Maria Vingiani

di Maria Pia Bozzo

Alla notizia della morte di Maria Vingiani, fondatrice del Segretariato Attività Ecumeniche (SAE), il 17 gennaio scorso, è stato naturale, come di solito avviene, rintracciare nella memoria, il tempo e l’occasione del primo incontro con lei, della prima conoscenza. Sono dovuta tornare indietro di molti anni, all’inizio del Concilio ecumenico Vaticano II (1962-1965), quando Maria, venuta a Roma da Venezia, aveva cominciato a organizzare in casa sua riunioni di carattere ecumenico. Io, all’inizio del terzo anno universitario, ero stata chiamata a Roma al centro nazionale della FUCI, e in quell’ambiente, molto ricco e stimolante, seguivamo con grande partecipazione lo svolgimento del Concilio e tutte le iniziative che da esso e intorno a esso prendevano l’avvio.
Mi capitò perciò di essere inviata in rappresentanza della FUCI a uno degli incontri ecumenici promossi da Maria Vingiani. Ne ebbi un’impressione straordinaria sia per gli argomenti dibattuti, fino ad allora del tutto ignorati, sia soprattutto per la personalità di Maria. Mi apparve di un’energia incredibile, piccola di statura, minuta, tutta fuoco. E parlava con vivacità e passione, quasi mossa da un’urgenza interiore, di argomenti che io apprendevo per la prima volta e di cui via via scoprivo l’importanza e l’attualità.
Ne rimasi molto affascinata e partecipai sempre molto volentieri a questi incontri, tanto che Maria, sempre protesa a diffondere l’interesse per il cammino ecumenico, mi invitò a partecipare alla prima sessione estiva del SAE organizzata alla Mendola. Fu per me un’altra esperienza straordinaria, di quelle che ti segnano nella vita: venire a contatto con personalità significative, cattolici e di altre confessioni cristiane, ascoltare interventi di grande livello che esprimevano l’ansia dell’unità partendo da esperienze storiche diverse e contrastanti, l’impegno per una ricerca delle comuni radici, il rapporto con l’ebraismo erano la scoperta di un mondo ancora sconosciuto, ma tanto ricco di promesse. Non sentii mai usare il termine conversione verso la chiesa cattolica, mentre appresi il senso delle parole chiese sorelle.
Nel passare degli anni, Maria si conservò sempre cosí, appassionata e tenace pur in mezzo a difficoltà e talvolta a delusioni, in un ambito visto con sospetto non solo dal magistero cattolico. Tornata a Genova dopo l’esperienza della FUCI, tra il lavoro, la famiglia e un po’di impegno politico non ebbi piú la possibilità di partecipare alle iniziative del SAE nazionale per un lungo periodo.

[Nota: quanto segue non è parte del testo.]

(* Let $p_{0,0},p_{1,0}\in[0,1]$ with $p_{0,0}>p_{1,0}$ (positively correlated arm), $0\le\rho_0<\rho_1\le1$, and $K\ge1$ an integer. Then the belief updates $\gamma_0,\gamma_1,\gamma_2$ defined in the context are increasing in $\pi\in[0,1]$; moreover $\gamma_1$ is convex and $\gamma_0$ is concave, and $p_{1,0}\le\gamma_1(\pi)\le\gamma_0(\pi)\le p_{0,0}$ for all $\pi\in[0,1]$.
   Context: For $\pi\in[0,1]$ define $\gamma_1(\pi)=\frac{(1-\pi)\rho_1p_{1,0}+\pi\rho_0p_{0,0}}{\rho_1(1-\pi)+\rho_0\pi}$, $\gamma_0(\pi)=\frac{(1-\pi)(1-\rho_1)p_{1,0}+\pi(1-\rho_0)p_{0,0}}{(1-\rho_1)(1-\pi)+(1-\rho_0)\pi}$, $\gamma_2(\pi)=(p_{0,0}-p_{1,0})^K\pi+p_{1,0}\sum_{j=0}^{K-1}(p_{0,0}-p_{1,0})^j$. (These are the posterior probabilities of hidden state $0$ of a two-state Markov chain with transition probabilities $p_{i,0}$ from state $i$ to $0$, after respectively an ACK, a NACK, or no play; $\rho_i$ is the ACK probability in state $i$.) *)

From mathcomp Require Import all_boot all_order all_algebra.
Set Implicit Arguments. Unset Strict Implicit. Unset Printing Implicit Defensive.
Import Order.TTheory GRing.Theory Num.Theory.
Local Open Scope ring_scope.

Section Beliefs.
Variable R : realFieldType.

Definition den1 (rho0 rho1 pi : R) : R := rho1 * (1 - pi) + rho0 * pi.
Definition den0 (rho0 rho1 pi : R) : R := (1 - rho1) * (1 - pi) + (1 - rho0) * pi.

(* posterior of state 0 after an ACK *)
Definition gamma1 (p00 p10 rho0 rho1 pi : R) : R :=
  ((1 - pi) * rho1 * p10 + pi * rho0 * p00) / den1 rho0 rho1 pi.

(* posterior of state 0 after a NACK *)
Definition gamma0 (p00 p10 rho0 rho1 pi : R) : R :=
  ((1 - pi) * (1 - rho1) * p10 + pi * (1 - rho0) * p00) / den0 rho0 rho1 pi.

(* belief after K steps with no play *)
Definition gamma2 (p00 p10 : R) (K : nat) (pi : R) : R :=
  (p00 - p10) ^+ K * pi + p10 * \sum_(j < K) (p00 - p10) ^+ j.

Definition in01 (x : R) : Prop := 0 <= x /\ x <= 1.

Definition nondecreasing_on (D : R -> Prop) (f : R -> R) : Prop :=
  forall x y, D x -> D y -> x <= y -> f x <= f y.

Definition convex_on (D : R -> Prop) (f : R -> R) : Prop :=
  forall x y t, D x -> D y -> 0 <= t -> t <= 1 ->
    f (t * x + (1 - t) * y) <= t * f x + (1 - t) * f y.

Definition concave_on (D : R -> Prop) (f : R -> R) : Prop :=
  forall x y t, D x -> D y -> 0 <= t -> t <= 1 ->
    t * f x + (1 - t) * f y <= f (t * x + (1 - t) * y).

End Beliefs.

From mathcomp Require Import all_boot all_order all_algebra.
From mathcomp Require Import ring lra.
Set Implicit Arguments. Unset Strict Implicit. Unset Printing Implicit Defensive.
Import Order.TTheory GRing.Theory Num.Theory.
Local Open Scope ring_scope.

(* The denominators of [gamma1] and [gamma0] are affine in [pi], with slopes
   [rho0 - rho1 < 0] and [rho1 - rho0 > 0], so both beliefs are Moebius maps
   [a + b / (d0 + d1 * pi)] with [b * d1 <= 0]: this gives monotonicity, and
   convexity of [1 / d] on [d > 0] (the harmonic-mean inequality) gives
   convexity of [gamma1] ([b >= 0]) and concavity of [gamma0] ([b <= 0]).
   The order [p10 <= gamma1 <= gamma0 <= p00] follows by cross-multiplying;
   e.g. [gamma0 - gamma1] has numerator [(p00 - p10) pi (1 - pi) (rho1 - rho0)]. *)

Section RealField.
Variable R : realFieldType.

Lemma comb_gt0 (u v t : R) : 0 < u -> 0 < v -> 0 <= t -> t <= 1 ->
  0 < t * u + (1 - t) * v.
Proof. nra. Qed.

Lemma ler_inv_comb (u v t : R) : 0 < u -> 0 < v -> 0 <= t -> t <= 1 ->
  (t * u + (1 - t) * v)^-1 <= t / u + (1 - t) / v.
Proof.
move=> u_gt0 v_gt0 t_ge0 t_le1.
have w_gt0 : 0 < t * u + (1 - t) * v by exact: comb_gt0.
have gap : (t / u + (1 - t) / v) * (t * u + (1 - t) * v) - 1
         = t * (1 - t) * (u - v) ^+ 2 / (u * v).
  by field; rewrite !gt_eqF.
have gap_ge0 : 0 <= t * (1 - t) * (u - v) ^+ 2 / (u * v).
  by apply: divr_ge0; [apply: mulr_ge0; [nra | exact: sqr_ge0] | nra].
rewrite -div1r ler_pdivrMr //; lra.
Qed.

Lemma concave_onN (D : R -> Prop) (f : R -> R) :
  convex_on D (fun x => - f x) -> concave_on D f.
Proof. by move=> cvx x y t Dx Dy t_ge0 t_le1; have := cvx x y t Dx Dy t_ge0 t_le1; lra. Qed.

Section Moebius.
Variables (d0 d1 : R) (D : R -> Prop).
Hypothesis den_gt0 : forall x, D x -> 0 < d0 + d1 * x.

Lemma moebius_nondecreasing (a b : R) (f : R -> R) :
  (forall x, 0 < d0 + d1 * x -> f x = a + b / (d0 + d1 * x)) ->
  b * d1 <= 0 -> nondecreasing_on D f.
Proof.
move=> fE bd1_le0 x y Dx Dy le_xy.
have dx_gt0 := den_gt0 Dx; have dy_gt0 := den_gt0 Dy.
rewrite !fE // lerD2l -subr_ge0.
have -> : b / (d0 + d1 * y) - b / (d0 + d1 * x)
        = (b * d1) * (x - y) / ((d0 + d1 * x) * (d0 + d1 * y)).
  by field; rewrite !gt_eqF.
apply: divr_ge0; last exact/ltW/mulr_gt0.
by apply: mulr_le0; rewrite ?subr_le0.
Qed.

Lemma moebius_convex (a b : R) (f : R -> R) :
  (forall x, 0 < d0 + d1 * x -> f x = a + b / (d0 + d1 * x)) ->
  0 <= b -> convex_on D f.
Proof.
move=> fE b_ge0 x y t Dx Dy t_ge0 t_le1.
have dx_gt0 := den_gt0 Dx; have dy_gt0 := den_gt0 Dy.
have dE : d0 + d1 * (t * x + (1 - t) * y)
        = t * (d0 + d1 * x) + (1 - t) * (d0 + d1 * y) by ring.
rewrite fE ?dE ?comb_gt0 // !fE //.
have := ler_wpM2l b_ge0 (ler_inv_comb dx_gt0 dy_gt0 t_ge0 t_le1); lra.
Qed.

Lemma moebius_concave (a b : R) (f : R -> R) :
  (forall x, 0 < d0 + d1 * x -> f x = a + b / (d0 + d1 * x)) ->
  b <= 0 -> concave_on D f.
Proof.
move=> fE b_le0; apply: concave_onN.
apply: (@moebius_convex (- a) (- b)); last by rewrite oppr_ge0.
by move=> x dx_gt0; rewrite fE // opprD mulNr.
Qed.

End Moebius.

Variables (p00 p10 rho0 rho1 : R).

Lemma den1E pi : den1 rho0 rho1 pi = rho1 + (rho0 - rho1) * pi.
Proof. by rewrite /den1; ring. Qed.

Lemma den0E pi : den0 rho0 rho1 pi = (1 - rho1) + (rho1 - rho0) * pi.
Proof. by rewrite /den0; ring. Qed.

Lemma den1_gt0 pi : 0 <= rho0 -> 0 <= rho1 -> in01 pi ->
  den1 rho0 rho1 pi != 0 -> 0 < den1 rho0 rho1 pi.
Proof. by move=> ? ? [? ?] ?; rewrite lt_def; apply/andP; split => //; rewrite /den1; nra. Qed.

Lemma den0_gt0 pi : rho0 <= 1 -> rho1 <= 1 -> in01 pi ->
  den0 rho0 rho1 pi != 0 -> 0 < den0 rho0 rho1 pi.
Proof. by move=> ? ? [? ?] ?; rewrite lt_def; apply/andP; split => //; rewrite /den0; nra. Qed.

Lemma gamma1_moebius pi : rho0 != rho1 -> rho1 + (rho0 - rho1) * pi != 0 ->
  gamma1 p00 p10 rho0 rho1 pi =
  (rho1 * p10 - rho0 * p00) / (rho1 - rho0)
  + rho1 * rho0 * (p00 - p10) / (rho1 - rho0) / (rho1 + (rho0 - rho1) * pi).
Proof.
move=> /negPf neq_rho den_neq0; rewrite /gamma1 /den1.
by field; rewrite den_neq0 subr_eq0 eq_sym neq_rho.
Qed.

Lemma gamma0_moebius pi : rho0 != rho1 -> (1 - rho1) + (rho1 - rho0) * pi != 0 ->
  gamma0 p00 p10 rho0 rho1 pi =
  ((1 - rho0) * p00 - (1 - rho1) * p10) / (rho1 - rho0)
  + - ((1 - rho1) * (1 - rho0) * (p00 - p10) / (rho1 - rho0))
      / ((1 - rho1) + (rho1 - rho0) * pi).
Proof.
move=> /negPf neq_rho den_neq0; rewrite /gamma0 /den0.
by field; rewrite den_neq0 subr_eq0 eq_sym neq_rho.
Qed.

Lemma gamma2_nondecreasing (D : R -> Prop) K :
  p10 <= p00 -> nondecreasing_on D (gamma2 p00 p10 K).
Proof.
move=> le_p x y _ _ le_xy; rewrite /gamma2 lerD2r.
by rewrite ler_wpM2l // exprn_ge0 // subr_ge0.
Qed.

Hypotheses (le_p : p10 <= p00) (rho0_ge0 : 0 <= rho0) (le_rho : rho0 <= rho1)
  (rho1_le1 : rho1 <= 1).

Lemma gamma1_ge pi : in01 pi -> 0 < den1 rho0 rho1 pi ->
  p10 <= gamma1 p00 p10 rho0 rho1 pi.
Proof.
move=> [pi_ge0 _] den_gt0; rewrite /gamma1 ler_pdivlMr //.
have gap : (1 - pi) * rho1 * p10 + pi * rho0 * p00 - p10 * den1 rho0 rho1 pi
         = pi * rho0 * (p00 - p10) by rewrite /den1; ring.
have : 0 <= pi * rho0 * (p00 - p10) by rewrite !mulr_ge0 ?subr_ge0.
lra.
Qed.

Lemma gamma0_le pi : in01 pi -> 0 < den0 rho0 rho1 pi ->
  gamma0 p00 p10 rho0 rho1 pi <= p00.
Proof.
move=> [_ pi_le1] den_gt0; rewrite /gamma0 ler_pdivrMr //.
have gap : p00 * den0 rho0 rho1 pi - ((1 - pi) * (1 - rho1) * p10 + pi * (1 - rho0) * p00)
         = (1 - pi) * (1 - rho1) * (p00 - p10) by rewrite /den0; ring.
have : 0 <= (1 - pi) * (1 - rho1) * (p00 - p10) by rewrite !mulr_ge0 ?subr_ge0.
lra.
Qed.

Lemma gamma1_le_gamma0 pi : in01 pi ->
  0 < den1 rho0 rho1 pi -> 0 < den0 rho0 rho1 pi ->
  gamma1 p00 p10 rho0 rho1 pi <= gamma0 p00 p10 rho0 rho1 pi.
Proof.
move=> [pi_ge0 pi_le1] den1_gt0 den0_gt0.
rewrite /gamma1 /gamma0 ler_pdivrMr // [leRHS]mulrAC ler_pdivlMr //.
have gap : ((1 - pi) * (1 - rho1) * p10 + pi * (1 - rho0) * p00) * den1 rho0 rho1 pi
         - ((1 - pi) * rho1 * p10 + pi * rho0 * p00) * den0 rho0 rho1 pi
         = (p00 - p10) * pi * (1 - pi) * (rho1 - rho0) by rewrite /den1 /den0; ring.
have : 0 <= (p00 - p10) * pi * (1 - pi) * (rho1 - rho0) by rewrite !mulr_ge0 ?subr_ge0.
lra.
Qed.

End RealField.

Theorem lemma2 (R : realFieldType) (p00 p10 rho0 rho1 : R) (K : nat) :
  0 <= p10 -> p10 < p00 -> p00 <= 1 ->
  0 <= rho0 -> rho0 < rho1 -> rho1 <= 1 ->
  (1 <= K)%N ->
  let D1 := fun pi : R => in01 pi /\ den1 rho0 rho1 pi != 0 in
  let D0 := fun pi : R => in01 pi /\ den0 rho0 rho1 pi != 0 in
  [/\ [/\ nondecreasing_on D1 (gamma1 p00 p10 rho0 rho1),
          nondecreasing_on D0 (gamma0 p00 p10 rho0 rho1) &
          nondecreasing_on (@in01 R) (gamma2 p00 p10 K)],
      convex_on D1 (gamma1 p00 p10 rho0 rho1),
      concave_on D0 (gamma0 p00 p10 rho0 rho1) &
      forall pi : R, D1 pi -> D0 pi ->
        [/\ p10 <= gamma1 p00 p10 rho0 rho1 pi,
            gamma1 p00 p10 rho0 rho1 pi <= gamma0 p00 p10 rho0 rho1 pi &
            gamma0 p00 p10 rho0 rho1 pi <= p00]].
Proof.
move=> _ lt_p _ rho0_ge0 lt_rho rho1_le1 _ D1 D0.
have le_p := ltW lt_p; have le_rho := ltW lt_rho.
have neq_rho : rho0 != rho1 by rewrite lt_eqF.
have D1_gt0 pi : D1 pi -> 0 < den1 rho0 rho1 pi.
  by case=> ? ?; apply: den1_gt0 => //; lra.
have D0_gt0 pi : D0 pi -> 0 < den0 rho0 rho1 pi.
  by case=> ? ?; apply: den0_gt0 => //; lra.
have g1E x (d_gt0 : 0 < rho1 + (rho0 - rho1) * x) :=
  gamma1_moebius p00 p10 neq_rho (lt0r_neq0 d_gt0).
have g0E x (d_gt0 : 0 < (1 - rho1) + (rho1 - rho0) * x) :=
  gamma0_moebius p00 p10 neq_rho (lt0r_neq0 d_gt0).
have D1_pos x : D1 x -> 0 < rho1 + (rho0 - rho1) * x by rewrite -den1E; apply: D1_gt0.
have D0_pos x : D0 x -> 0 < (1 - rho1) + (rho1 - rho0) * x by rewrite -den0E; apply: D0_gt0.
have B1_ge0 : 0 <= rho1 * rho0 * (p00 - p10) / (rho1 - rho0).
  by rewrite divr_ge0 ?mulr_ge0 ?subr_ge0 //; lra.
have B0_ge0 : 0 <= (1 - rho1) * (1 - rho0) * (p00 - p10) / (rho1 - rho0).
  by rewrite divr_ge0 ?mulr_ge0 ?subr_ge0 //; lra.
split; [split | | |].
- by apply: (moebius_nondecreasing D1_pos g1E); rewrite mulr_ge0_le0 // subr_le0.
- by apply: (moebius_nondecreasing D0_pos g0E); rewrite mulr_le0_ge0 ?oppr_le0 // subr_ge0.
- exact: gamma2_nondecreasing.
- exact: (moebius_convex D1_pos g1E).
- by apply: (moebius_concave D0_pos g0E); rewrite oppr_le0.
- move=> pi D1pi D0pi; have [pi01 _] := D1pi.
  have d1_gt0 := D1_gt0 _ D1pi; have d0_gt0 := D0_gt0 _ D0pi.
  by split; [apply: gamma1_ge | apply: gamma1_le_gamma0 | apply: gamma0_le].
Qed.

Negli ultimi anni della presidenza Vingiani potei tuttavia riprendere i contatti in qualche convegno ed ebbi il piacere di ritrovare Maria cosí come la ricordavo: sempre appassionata, sempre energica e volitiva, testimone di una grande fede e di una vera e propria vocazione. Sempre molto riservata sulla sua vita privata e sulla sua spiritualità, aperta all’amicizia e alle relazioni, totalmente impegnata per il fine che riteneva essenziale per la chiesa universale: l’unità dei cristiani, in risposta all’esortazione di Gesú, nel rispetto delle diverse tradizioni frutto di riflessioni teologiche e di vicende storiche.
Negli ultimi vent’anni Maria Vingiani, ormai quasi centenaria, si era ritirata dall’attività, ma non dall’interesse per il cammino ecumenico, rimanendo per tutti quelli che l’hanno conosciuta un punto di riferimento. La cultura dell’ecumenismo si è certamente diffusa anche grazie alle relazioni di amicizia stabilite fra diverse esperienze religiose e alle iniziative promosse e sollecitate dal SAE che ha preparato e accolto le aperture di Francesco verso nuove speranze pastorali e dottrinali.